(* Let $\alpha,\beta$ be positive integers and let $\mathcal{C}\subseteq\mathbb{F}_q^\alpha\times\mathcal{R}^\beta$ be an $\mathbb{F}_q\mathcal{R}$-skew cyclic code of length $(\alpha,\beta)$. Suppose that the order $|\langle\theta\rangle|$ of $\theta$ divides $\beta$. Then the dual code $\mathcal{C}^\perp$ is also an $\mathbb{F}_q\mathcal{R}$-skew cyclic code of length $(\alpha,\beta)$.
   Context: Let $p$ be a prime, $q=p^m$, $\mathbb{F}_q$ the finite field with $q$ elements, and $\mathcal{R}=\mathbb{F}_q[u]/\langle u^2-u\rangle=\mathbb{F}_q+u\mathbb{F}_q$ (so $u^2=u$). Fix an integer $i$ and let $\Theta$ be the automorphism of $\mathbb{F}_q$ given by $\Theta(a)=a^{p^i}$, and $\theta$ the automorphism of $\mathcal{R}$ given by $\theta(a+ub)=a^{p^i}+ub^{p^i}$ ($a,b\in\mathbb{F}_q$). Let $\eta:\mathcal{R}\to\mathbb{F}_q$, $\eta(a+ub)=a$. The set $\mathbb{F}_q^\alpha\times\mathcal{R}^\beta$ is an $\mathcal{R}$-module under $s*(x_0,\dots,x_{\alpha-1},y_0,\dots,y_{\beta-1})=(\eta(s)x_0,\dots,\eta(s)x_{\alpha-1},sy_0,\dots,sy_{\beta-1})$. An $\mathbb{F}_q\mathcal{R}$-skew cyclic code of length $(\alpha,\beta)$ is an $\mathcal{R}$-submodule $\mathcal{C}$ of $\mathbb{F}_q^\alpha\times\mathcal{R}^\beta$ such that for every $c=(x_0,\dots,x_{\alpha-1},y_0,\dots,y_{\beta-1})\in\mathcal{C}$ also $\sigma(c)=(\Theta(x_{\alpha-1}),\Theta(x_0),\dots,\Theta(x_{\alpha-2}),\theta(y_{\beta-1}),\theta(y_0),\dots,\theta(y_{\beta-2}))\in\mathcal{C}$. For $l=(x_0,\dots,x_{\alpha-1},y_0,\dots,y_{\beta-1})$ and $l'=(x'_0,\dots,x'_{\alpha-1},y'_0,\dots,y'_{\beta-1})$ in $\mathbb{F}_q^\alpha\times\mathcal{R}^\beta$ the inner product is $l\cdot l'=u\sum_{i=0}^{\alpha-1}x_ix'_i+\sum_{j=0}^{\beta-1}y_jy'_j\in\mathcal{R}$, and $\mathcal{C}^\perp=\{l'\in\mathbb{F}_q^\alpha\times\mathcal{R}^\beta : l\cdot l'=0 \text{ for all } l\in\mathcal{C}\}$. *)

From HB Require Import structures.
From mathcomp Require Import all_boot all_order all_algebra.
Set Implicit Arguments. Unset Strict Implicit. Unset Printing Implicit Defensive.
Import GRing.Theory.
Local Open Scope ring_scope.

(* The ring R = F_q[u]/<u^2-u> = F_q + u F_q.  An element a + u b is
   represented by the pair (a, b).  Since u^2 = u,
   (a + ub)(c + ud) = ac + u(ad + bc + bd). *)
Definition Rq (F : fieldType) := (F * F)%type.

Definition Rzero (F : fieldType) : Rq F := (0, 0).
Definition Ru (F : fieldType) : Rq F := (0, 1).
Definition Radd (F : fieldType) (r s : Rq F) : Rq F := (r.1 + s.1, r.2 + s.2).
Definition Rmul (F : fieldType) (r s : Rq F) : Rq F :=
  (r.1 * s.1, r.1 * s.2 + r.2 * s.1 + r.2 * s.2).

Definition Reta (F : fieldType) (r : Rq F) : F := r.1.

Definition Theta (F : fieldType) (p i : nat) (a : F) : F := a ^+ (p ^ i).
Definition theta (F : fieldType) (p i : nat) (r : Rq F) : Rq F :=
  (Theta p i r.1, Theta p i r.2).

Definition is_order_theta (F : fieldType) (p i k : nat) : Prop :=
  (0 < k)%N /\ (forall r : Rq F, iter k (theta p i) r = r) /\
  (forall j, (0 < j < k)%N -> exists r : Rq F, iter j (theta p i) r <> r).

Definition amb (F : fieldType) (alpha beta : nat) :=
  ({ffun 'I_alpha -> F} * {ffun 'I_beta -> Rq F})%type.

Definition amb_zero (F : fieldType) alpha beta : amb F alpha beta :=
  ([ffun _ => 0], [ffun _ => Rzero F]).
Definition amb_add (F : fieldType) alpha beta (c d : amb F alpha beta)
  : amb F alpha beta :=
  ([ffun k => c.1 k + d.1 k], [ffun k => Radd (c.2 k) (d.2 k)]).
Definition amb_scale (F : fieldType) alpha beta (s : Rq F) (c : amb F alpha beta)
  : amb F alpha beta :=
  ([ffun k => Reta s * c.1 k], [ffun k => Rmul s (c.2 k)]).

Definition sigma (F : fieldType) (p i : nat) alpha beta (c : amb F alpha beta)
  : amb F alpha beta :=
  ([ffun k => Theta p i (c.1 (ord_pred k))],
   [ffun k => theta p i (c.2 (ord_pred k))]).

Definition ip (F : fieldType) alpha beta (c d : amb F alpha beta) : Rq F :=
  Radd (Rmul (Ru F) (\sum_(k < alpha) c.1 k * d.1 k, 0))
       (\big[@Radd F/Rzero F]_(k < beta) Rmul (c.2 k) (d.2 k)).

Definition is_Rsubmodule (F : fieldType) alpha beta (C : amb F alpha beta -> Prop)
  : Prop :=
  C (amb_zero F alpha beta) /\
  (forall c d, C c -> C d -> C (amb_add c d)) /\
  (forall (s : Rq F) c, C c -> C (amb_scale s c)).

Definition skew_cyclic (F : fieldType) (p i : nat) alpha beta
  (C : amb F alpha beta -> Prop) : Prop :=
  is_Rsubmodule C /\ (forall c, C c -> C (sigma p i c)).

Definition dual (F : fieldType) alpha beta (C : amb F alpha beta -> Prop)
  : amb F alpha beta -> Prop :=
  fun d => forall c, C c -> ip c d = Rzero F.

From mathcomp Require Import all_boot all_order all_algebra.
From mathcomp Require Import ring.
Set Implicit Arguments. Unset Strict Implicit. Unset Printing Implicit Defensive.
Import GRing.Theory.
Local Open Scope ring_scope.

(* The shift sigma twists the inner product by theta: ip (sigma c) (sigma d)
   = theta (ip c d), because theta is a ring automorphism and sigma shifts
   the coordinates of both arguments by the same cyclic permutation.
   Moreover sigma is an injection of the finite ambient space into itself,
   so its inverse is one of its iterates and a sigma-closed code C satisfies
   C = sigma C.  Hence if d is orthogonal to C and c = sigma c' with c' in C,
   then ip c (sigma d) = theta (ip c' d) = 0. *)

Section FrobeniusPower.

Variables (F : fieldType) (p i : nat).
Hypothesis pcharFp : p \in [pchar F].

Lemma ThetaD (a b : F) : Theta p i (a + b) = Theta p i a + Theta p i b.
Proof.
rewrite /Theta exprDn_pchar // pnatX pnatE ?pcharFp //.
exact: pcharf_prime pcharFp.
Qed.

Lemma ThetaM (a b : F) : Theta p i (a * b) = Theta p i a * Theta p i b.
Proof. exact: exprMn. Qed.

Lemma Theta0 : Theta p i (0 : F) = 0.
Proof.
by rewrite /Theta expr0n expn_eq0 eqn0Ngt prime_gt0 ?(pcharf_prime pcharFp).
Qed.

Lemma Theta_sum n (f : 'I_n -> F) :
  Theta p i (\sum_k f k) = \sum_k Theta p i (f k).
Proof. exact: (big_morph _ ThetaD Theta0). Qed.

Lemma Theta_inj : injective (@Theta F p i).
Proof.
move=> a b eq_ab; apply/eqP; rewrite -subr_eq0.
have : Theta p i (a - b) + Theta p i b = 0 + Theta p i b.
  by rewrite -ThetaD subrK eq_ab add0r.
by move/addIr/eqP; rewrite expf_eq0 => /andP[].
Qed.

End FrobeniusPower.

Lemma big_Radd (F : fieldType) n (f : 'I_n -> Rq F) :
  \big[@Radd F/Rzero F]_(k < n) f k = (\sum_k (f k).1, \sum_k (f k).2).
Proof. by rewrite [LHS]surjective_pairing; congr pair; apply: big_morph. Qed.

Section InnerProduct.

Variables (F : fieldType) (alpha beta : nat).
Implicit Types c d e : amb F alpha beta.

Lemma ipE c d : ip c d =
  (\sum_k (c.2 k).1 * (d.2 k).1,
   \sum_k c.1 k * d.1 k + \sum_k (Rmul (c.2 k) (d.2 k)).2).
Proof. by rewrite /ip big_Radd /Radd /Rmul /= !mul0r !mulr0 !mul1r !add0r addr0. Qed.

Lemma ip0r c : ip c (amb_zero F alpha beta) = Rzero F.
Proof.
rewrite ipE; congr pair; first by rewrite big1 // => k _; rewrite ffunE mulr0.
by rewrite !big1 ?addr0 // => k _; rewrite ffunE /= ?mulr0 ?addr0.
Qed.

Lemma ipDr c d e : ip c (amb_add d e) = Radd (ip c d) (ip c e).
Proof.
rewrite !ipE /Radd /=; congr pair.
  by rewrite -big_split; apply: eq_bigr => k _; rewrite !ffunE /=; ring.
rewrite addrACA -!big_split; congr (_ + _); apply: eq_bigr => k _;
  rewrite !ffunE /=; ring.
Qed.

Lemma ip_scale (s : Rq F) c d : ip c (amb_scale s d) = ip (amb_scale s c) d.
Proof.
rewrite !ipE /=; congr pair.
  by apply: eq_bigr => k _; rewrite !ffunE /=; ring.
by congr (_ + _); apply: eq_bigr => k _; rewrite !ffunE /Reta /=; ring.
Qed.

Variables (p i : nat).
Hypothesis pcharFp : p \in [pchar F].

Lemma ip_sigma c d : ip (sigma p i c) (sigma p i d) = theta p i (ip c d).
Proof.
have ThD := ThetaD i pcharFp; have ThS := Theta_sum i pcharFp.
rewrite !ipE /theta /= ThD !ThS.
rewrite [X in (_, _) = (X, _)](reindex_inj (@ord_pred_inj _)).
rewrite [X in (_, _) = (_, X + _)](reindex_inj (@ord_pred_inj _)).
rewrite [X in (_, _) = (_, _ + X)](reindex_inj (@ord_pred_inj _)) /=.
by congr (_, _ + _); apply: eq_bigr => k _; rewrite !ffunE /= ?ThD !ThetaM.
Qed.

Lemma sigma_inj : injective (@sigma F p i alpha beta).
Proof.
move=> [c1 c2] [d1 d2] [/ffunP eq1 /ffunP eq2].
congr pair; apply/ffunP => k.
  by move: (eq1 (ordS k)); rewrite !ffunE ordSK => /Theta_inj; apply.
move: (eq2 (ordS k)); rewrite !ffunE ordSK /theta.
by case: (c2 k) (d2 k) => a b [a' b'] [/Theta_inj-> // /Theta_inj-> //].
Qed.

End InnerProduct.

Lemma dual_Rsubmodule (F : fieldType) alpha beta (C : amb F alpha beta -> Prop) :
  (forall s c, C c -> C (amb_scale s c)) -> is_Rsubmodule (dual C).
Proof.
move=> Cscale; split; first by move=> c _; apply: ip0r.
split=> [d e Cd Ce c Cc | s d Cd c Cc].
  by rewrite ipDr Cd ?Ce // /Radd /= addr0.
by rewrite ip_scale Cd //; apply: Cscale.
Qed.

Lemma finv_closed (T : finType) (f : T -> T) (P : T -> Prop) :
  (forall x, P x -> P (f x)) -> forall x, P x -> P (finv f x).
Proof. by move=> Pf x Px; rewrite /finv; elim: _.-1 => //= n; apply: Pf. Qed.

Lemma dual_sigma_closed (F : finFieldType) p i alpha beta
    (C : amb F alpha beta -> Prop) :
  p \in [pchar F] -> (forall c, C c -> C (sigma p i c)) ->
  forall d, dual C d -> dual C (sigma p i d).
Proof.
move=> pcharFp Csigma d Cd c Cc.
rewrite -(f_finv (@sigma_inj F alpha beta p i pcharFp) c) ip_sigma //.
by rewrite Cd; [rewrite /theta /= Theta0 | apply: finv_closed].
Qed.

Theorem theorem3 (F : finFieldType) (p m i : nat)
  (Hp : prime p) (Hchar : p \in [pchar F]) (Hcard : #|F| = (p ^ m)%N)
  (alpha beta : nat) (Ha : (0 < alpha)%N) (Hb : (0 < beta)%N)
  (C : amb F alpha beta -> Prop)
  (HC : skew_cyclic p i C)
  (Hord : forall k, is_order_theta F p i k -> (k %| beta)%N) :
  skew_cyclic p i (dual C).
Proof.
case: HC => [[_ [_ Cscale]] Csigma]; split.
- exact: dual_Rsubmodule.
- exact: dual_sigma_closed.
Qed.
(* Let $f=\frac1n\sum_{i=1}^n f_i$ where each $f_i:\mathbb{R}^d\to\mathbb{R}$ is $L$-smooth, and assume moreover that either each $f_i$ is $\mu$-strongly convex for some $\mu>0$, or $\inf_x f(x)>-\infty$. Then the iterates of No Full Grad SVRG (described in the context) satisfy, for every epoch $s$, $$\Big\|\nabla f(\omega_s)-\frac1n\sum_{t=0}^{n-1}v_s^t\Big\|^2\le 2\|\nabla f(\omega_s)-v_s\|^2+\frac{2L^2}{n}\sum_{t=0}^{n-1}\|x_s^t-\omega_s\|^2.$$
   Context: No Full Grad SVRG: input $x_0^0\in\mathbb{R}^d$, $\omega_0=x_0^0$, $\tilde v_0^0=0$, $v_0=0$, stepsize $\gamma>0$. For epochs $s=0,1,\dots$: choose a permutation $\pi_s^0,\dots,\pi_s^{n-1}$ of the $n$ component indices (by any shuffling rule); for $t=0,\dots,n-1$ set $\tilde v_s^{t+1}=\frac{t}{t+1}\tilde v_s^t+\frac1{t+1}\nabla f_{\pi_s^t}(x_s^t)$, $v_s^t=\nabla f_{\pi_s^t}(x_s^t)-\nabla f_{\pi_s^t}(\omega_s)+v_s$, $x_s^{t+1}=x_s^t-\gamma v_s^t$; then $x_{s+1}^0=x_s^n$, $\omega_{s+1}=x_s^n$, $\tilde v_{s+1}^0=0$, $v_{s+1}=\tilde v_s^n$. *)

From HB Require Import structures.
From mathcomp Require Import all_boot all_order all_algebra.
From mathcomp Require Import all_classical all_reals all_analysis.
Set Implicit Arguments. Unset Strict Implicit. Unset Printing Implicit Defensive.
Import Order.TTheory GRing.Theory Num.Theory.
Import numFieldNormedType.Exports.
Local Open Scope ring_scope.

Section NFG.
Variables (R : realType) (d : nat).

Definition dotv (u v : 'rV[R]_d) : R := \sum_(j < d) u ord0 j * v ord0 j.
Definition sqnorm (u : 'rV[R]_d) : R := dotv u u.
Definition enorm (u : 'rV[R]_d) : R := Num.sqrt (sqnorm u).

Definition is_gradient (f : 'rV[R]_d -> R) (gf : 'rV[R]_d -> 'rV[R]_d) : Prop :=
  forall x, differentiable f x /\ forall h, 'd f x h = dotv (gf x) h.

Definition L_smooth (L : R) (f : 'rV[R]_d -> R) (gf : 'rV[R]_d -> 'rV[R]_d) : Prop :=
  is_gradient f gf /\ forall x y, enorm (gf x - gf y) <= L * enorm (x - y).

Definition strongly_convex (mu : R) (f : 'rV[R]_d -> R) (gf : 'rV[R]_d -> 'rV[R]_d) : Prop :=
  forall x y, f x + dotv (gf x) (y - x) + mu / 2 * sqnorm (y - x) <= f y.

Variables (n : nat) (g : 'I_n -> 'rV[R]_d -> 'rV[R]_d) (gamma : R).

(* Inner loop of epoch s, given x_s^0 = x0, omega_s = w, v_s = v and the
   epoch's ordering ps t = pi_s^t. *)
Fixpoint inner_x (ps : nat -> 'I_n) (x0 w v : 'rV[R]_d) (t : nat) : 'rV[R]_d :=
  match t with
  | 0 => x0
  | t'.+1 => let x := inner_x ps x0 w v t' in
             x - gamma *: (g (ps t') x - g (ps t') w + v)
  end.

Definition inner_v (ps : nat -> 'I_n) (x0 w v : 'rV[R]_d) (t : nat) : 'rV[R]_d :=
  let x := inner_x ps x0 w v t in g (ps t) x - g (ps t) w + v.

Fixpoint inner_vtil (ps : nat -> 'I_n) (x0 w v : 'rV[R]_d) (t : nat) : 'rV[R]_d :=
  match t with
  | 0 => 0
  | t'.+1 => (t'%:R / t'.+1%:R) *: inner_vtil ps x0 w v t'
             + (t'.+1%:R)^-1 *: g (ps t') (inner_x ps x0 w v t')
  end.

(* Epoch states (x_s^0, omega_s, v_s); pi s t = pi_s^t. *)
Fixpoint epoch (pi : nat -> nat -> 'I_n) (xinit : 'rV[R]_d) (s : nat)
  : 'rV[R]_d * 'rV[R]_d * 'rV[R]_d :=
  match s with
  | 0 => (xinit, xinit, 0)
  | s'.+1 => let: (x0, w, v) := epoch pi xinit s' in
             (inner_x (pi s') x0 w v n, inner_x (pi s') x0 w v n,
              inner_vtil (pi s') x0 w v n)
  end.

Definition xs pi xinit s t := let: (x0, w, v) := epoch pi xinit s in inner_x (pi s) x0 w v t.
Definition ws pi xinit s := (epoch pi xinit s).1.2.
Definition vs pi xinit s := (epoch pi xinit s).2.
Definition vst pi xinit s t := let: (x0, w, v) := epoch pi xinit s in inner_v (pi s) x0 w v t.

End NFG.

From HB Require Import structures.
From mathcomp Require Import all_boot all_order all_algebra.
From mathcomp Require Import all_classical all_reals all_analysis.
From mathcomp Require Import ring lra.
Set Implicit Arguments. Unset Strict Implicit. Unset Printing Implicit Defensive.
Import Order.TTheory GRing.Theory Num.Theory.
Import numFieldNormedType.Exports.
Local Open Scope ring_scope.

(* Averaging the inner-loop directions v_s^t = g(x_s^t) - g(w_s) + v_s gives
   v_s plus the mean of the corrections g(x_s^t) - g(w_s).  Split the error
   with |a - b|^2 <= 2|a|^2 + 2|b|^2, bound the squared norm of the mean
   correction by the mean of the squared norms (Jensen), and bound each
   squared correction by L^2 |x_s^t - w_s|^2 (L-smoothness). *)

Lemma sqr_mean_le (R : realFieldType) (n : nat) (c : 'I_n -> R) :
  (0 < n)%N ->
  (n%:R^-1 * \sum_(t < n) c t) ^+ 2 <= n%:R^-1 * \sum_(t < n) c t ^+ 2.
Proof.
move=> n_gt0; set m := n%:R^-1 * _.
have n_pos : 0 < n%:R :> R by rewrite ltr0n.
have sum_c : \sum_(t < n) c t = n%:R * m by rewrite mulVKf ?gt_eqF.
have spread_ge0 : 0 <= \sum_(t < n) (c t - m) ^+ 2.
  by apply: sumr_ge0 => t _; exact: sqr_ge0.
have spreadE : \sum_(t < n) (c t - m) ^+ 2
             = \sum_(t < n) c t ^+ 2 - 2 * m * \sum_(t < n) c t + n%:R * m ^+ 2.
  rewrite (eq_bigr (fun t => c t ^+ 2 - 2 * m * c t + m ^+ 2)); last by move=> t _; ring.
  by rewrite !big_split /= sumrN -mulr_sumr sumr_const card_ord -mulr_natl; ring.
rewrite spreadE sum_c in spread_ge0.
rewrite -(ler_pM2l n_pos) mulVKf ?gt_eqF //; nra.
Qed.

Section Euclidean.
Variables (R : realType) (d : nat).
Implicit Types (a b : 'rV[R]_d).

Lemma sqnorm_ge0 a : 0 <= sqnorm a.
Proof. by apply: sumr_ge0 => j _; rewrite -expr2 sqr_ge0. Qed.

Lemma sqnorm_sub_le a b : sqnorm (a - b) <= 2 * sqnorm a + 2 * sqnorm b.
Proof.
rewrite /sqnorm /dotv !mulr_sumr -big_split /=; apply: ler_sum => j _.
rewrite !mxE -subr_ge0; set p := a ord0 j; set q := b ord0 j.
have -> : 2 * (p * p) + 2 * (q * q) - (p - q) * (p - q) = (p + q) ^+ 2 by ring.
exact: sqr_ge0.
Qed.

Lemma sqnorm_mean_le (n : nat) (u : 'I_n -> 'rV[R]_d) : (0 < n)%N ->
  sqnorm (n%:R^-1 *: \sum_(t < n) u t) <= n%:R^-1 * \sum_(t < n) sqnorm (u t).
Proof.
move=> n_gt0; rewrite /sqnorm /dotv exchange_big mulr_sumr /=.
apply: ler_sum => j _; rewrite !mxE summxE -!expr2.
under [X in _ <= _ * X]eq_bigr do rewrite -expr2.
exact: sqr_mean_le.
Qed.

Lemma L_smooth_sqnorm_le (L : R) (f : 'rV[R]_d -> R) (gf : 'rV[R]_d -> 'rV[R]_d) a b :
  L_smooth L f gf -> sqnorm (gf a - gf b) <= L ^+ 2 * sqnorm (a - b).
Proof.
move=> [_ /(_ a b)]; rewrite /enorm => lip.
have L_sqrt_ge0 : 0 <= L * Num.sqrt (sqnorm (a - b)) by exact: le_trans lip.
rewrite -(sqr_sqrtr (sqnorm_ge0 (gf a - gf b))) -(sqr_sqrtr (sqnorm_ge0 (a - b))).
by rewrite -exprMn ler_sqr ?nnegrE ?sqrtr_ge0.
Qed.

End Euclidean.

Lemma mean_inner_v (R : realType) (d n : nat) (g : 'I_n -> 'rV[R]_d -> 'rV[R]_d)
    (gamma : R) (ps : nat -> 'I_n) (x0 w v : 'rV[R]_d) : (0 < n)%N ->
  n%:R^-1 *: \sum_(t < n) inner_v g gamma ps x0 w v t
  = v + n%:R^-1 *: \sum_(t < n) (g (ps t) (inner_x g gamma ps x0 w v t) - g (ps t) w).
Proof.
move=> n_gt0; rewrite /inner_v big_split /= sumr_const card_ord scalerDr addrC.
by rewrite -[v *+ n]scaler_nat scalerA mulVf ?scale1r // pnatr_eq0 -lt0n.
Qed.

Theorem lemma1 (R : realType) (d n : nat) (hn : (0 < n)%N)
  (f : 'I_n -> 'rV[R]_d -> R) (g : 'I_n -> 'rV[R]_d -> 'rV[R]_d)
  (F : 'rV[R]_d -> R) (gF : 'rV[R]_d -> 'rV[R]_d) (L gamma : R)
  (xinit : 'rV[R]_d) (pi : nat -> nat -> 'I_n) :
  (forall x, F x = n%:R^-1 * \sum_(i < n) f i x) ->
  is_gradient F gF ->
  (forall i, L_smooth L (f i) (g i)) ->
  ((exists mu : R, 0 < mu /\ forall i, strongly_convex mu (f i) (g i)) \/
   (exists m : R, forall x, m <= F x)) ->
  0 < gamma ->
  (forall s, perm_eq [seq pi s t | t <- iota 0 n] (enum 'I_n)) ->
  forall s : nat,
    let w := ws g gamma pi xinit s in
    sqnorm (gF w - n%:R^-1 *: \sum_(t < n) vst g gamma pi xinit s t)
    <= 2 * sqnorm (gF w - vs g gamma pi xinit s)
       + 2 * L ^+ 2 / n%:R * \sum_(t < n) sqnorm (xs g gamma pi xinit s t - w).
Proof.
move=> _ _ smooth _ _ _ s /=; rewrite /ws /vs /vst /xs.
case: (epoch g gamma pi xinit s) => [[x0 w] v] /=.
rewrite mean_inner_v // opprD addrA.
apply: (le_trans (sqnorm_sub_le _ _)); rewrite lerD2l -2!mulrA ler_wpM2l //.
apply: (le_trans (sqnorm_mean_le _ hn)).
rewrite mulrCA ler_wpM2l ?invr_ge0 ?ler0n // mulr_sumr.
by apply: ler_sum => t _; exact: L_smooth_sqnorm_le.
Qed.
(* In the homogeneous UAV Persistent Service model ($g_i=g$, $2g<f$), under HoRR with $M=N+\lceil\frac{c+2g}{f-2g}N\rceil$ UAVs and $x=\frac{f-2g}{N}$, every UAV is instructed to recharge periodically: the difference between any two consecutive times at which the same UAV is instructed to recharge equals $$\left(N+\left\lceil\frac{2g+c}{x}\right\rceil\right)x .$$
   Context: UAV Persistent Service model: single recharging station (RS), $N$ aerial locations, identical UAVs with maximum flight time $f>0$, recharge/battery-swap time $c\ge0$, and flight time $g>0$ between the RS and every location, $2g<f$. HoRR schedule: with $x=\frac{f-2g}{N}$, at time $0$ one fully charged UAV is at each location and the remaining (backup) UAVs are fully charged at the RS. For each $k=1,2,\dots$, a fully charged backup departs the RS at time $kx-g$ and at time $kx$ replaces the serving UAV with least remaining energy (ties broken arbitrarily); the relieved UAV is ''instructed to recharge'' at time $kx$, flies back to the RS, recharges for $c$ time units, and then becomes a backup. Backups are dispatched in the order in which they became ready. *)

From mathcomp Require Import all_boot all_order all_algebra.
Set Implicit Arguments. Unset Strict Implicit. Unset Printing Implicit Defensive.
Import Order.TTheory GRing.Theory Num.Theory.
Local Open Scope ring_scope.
------------
Note down each line above where the word "same" occurs.

   the coordinates of both arguments by the same cyclic permutation.
(* In the homogeneous UAV Persistent Service model ($g_i=g$, $2g<f$), under HoRR with $M=N+\lceil\frac{c+2g}{f-2g}N\rceil$ UAVs and $x=\frac{f-2g}{N}$, every UAV is instructed to recharge periodically: the difference between any two consecutive times at which the same UAV is instructed to recharge equals $$\left(N+\left\lceil\frac{2g+c}{x}\right\rceil\right)x .$$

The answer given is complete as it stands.